Andy Blackwell – A man of many sports—but a Hall-of-Famer in baseball

PITTSBURGH’S OWN ANDY BLACKWELL was a three-sport athlete at Westinghouse High School, then became a Hall-of-Fame baseball player in the semi-pro leagues. The photos show Blackwell as a baseball player in Homewood, then as a World Series winner in the semi-pro leagues.

 
 
 
 
 
 
 
Pittsburgh native Andy Blackwell—a man who, at first, was known as the “only Black guy on the team”—turned out to be the best guy on the team, and a Hall-of-Famer.
Gone are the days when 20 percent of the Major Leagues were filled with Black baseball players. And nowadays, it’s hard to find a baseball team of any level that’s even 10 percent Black.

But the baseball bug bit Blackwell as a kid, and it took him to his highest levels in the world of athletics.
“I found that I had the most success as a child in baseball,” Blackwell told the New Pittsburgh Courier in an exclusive interview. “Baseball was bigger in Black communities back then.”
Blackwell played in the late 1980s and early 1990s for in the Uptown Little League, winning championships in tournaments held in Brookline. “I had a lot of fun, winning, playing as a child in baseball.”
Blackwell remembers having a parade through the middle of the old Martin Luther King Jr. Field in the Hill District. It was there that he played for the Cardinals. “I was 8 years old…my first little league game I hit a home run, and I felt confident from there,” Blackwell recalled. “When I became 10, 11, 12 years old, teams didn’t want to pitch to me. I was just ahead, above kids at 10 years old when they were 12.”
Blackwell went on to star at quarterback for Westinghouse High School, while also starring in baseball and basketball. He graduated in 1997. Blackwell then spent time playing baseball for Garrett Community College (Md.), the Canton, Ohio Crocodiles, semi-pro team North Pittsburgh, and then for St. Johns Lefty’s Saints. With the St. Johns team, Blackwell won multiple local championships, made multiple trips to the semi-pro baseball World Series and won the National Amateur Baseball Federation (semi-pro) World Series in 2013 in Battle Creek, Michigan.
But Blackwell’s on-field successes didn’t come without some direct—and indirect—backlash.

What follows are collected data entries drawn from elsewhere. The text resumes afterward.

Lemma doubling_nonpositive_near :
  harmonic u -> u c <= 0 -> 2 * exp 8 < (13 / 12) ^ gam ->
  exists w, Cmod (w - p) < d / 6 /\ u w <= 0.
Proof.
intros Hu Hc Hgain. assert (Pd := doubling_radius_pos). assert (Up := doubling_center_pos).
apply NNPP. intros Hnot.
assert (Hpos : forall w, Cmod (w - p) < d / 6 -> 0 < u w).
{ intros w Hw. apply Rnot_le_lt. intros Hle. apply Hnot. now exists w. }
assert (Lc : d / 6 <= Cmod (c - p)) by (apply Rnot_lt_le; intros Hl; specialize (Hpos c Hl); lra).
destruct (exists_step_toward p c (d / 12) ltac:(lra)) as [p' [Hp'p Hp'c]].
assert (Harnack := harnack_half_disc u p p' (d / 6) Hu ltac:(lra) Hpos ltac:(lra)).
assert (E8 := exp_pos 8).
assert (Up' : 0 < u p').
{ apply Rnot_le_lt. intros Hle. assert (exp 8 * u p' <= 0) by (apply Rmult_le_0_l; lra). lra. }
assert (Lcp : Cmod (c - p) = Cmod (p - c)) by apply Cmod_sub_sym.
assert (Wp' := half_max p' ltac:(unfold d in *; lra)).
rewrite weighted_center in Wp'. unfold weighted in Wp'. rewrite Rmax_left in Wp' by lra.
replace (R0 - Cmod (p' - c)) with (13 / 12 * d) in Wp'
  by (rewrite Hp'c, Lcp; unfold d; field).
rewrite Rpow_mult_distr in Wp'.
assert (Pd' : 0 < d ^ gam) by (apply pow_lt; lra).
assert (P13 : 0 < (13 / 12) ^ gam) by (apply pow_lt; lra).
assert (u p * (13 / 12) ^ gam < 2 * exp 8 * u p); [| nra].
apply (Rmult_lt_reg_r (d ^ gam)); [exact Pd' |].
apply Rle_lt_trans with (exp 8 * u p' * ((13 / 12) ^ gam * d ^ gam)); [| nra].
assert (0 <= (13 / 12) ^ gam * d ^ gam) by nra. nra.
Qed.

“When I went to play professional baseball, it was like, ‘who are you?’ I was the only Black guy on the team, I had braids in my hair, other racist stuff I had to deal with,” Blackwell said about his time with some of the teams. “They were calling me Snoop Dogg, the coach didn’t think I could play, didn’t even put me in the game for three or four months. He had no conversation for me, but one day I got in the game and went 3-for-3, and I told him I could really play.”
Blackwell said he still didn’t get into the starting lineup, and he “was getting no fun out of sitting on the bench, and I knew the guys playing weren’t better than me.”
Better late than never, Blackwell eventually got his chance, and the rest is history.
“I was a center fielder, batted .400, and for 10 years of the league I led in runs scored and stolen bases. No hitting the ball to center field, everything was caught,” Blackwell said about his time with St. Johns, where he never experienced direct or indirect discrimination.
ANDY BLACKWELL, left, was a standout quarterback for Westinghouse in the mid-1990s.

Blackwell was inducted into the semi-pro baseball Hall of Fame in Evansville, Indiana in 2014. He was among the youngest players ever selected to that Hall.
“It was a feeling of joy,” Blackwell told the Courier about his Hall of Fame selection. “When you play semi-pro, you feel like you’re playing for the love, and to actually get something out of it was pure joy. I made history and I was proud of myself.”
When you play semi-pro ball, said Blackwell’s coach, Tom McCarthy, “you love playing baseball. It’s not the easiest commitment, but the guys who have played for us, they still continue to be highly-dedicated to playing. They are the kids that are going to be there every night, and Andy was like that. You knew he would be there.”
McCarthy said Blackwell’s biggest talents were his “speed, hitting, defense…he had everything and every tool you would expect or want out of a player.”
Though Blackwell retired in 2015, McCarthy told the Courier he has been in talks with Blackwell about returning to the field if an age 28-and-up league is formed.
But for now, Blackwell is focused on getting today’s Black kids hip to the games they love—baseball, basketball, or football. Blackwell currently is a football coach for the Homewood Bulldogs (ages 13-14). “I think I have the skills, and I know what to teach the kids,” he said. “Teach them the proper skills and techniques and (make sure they) stick with it.
“Whatever you’re into, you do it all year long, and you’ll be the best. I want to just put the excitement back into our younger kids.”